The data
▶

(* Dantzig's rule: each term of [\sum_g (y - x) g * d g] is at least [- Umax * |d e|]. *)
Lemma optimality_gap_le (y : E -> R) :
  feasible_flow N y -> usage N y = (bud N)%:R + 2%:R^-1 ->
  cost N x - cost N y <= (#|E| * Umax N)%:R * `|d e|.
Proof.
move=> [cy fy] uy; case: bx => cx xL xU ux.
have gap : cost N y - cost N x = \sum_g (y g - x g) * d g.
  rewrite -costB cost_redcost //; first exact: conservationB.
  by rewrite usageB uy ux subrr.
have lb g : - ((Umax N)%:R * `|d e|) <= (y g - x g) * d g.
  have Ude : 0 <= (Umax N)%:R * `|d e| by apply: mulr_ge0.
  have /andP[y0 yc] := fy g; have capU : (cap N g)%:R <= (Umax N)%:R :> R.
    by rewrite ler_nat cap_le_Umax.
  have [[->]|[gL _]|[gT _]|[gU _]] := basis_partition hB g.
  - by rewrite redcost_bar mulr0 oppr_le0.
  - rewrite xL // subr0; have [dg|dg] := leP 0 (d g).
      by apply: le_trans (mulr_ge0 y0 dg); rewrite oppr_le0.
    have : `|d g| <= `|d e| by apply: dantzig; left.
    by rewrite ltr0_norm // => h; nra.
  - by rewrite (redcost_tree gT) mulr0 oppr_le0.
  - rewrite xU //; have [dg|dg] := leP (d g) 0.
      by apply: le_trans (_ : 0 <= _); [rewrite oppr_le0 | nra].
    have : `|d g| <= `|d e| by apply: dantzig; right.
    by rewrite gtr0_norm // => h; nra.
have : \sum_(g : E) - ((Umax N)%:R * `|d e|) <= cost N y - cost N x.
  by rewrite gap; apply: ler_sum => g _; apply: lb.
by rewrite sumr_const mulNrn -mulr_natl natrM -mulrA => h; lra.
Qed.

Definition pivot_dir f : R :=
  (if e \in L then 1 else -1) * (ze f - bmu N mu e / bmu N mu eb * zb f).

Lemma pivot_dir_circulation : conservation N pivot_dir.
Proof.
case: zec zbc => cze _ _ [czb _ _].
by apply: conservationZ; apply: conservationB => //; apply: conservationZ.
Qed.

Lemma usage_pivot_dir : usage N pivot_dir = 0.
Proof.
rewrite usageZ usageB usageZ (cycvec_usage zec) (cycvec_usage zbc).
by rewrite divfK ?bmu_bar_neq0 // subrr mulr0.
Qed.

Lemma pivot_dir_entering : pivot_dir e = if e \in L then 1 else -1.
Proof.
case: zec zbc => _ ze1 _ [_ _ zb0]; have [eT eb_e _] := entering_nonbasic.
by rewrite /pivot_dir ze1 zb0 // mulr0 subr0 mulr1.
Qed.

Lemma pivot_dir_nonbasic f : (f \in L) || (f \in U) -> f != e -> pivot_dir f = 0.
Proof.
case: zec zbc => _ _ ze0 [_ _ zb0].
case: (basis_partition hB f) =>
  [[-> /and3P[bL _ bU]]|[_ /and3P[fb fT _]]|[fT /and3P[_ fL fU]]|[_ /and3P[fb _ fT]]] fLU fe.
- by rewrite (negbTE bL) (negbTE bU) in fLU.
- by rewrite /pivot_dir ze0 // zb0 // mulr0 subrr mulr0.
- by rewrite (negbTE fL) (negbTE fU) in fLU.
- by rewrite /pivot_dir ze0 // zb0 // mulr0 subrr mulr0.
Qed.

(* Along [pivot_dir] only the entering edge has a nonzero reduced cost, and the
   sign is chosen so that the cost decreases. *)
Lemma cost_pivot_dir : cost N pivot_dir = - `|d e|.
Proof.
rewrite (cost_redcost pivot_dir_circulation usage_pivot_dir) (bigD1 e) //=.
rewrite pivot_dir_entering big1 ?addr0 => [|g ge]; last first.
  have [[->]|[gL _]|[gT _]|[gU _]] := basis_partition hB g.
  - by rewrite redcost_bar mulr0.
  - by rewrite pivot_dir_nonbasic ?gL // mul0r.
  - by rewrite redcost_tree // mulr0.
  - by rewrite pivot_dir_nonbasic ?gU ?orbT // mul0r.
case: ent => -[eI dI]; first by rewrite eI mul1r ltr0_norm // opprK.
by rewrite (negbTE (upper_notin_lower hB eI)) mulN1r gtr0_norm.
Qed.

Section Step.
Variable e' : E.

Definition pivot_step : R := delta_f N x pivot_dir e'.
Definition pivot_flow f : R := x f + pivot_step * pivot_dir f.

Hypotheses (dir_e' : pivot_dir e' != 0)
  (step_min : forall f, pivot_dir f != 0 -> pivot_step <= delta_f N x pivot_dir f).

◀

Work item
How many lines in these entries contain the string "subrr"? State the number and nothing more.

Expected answer
4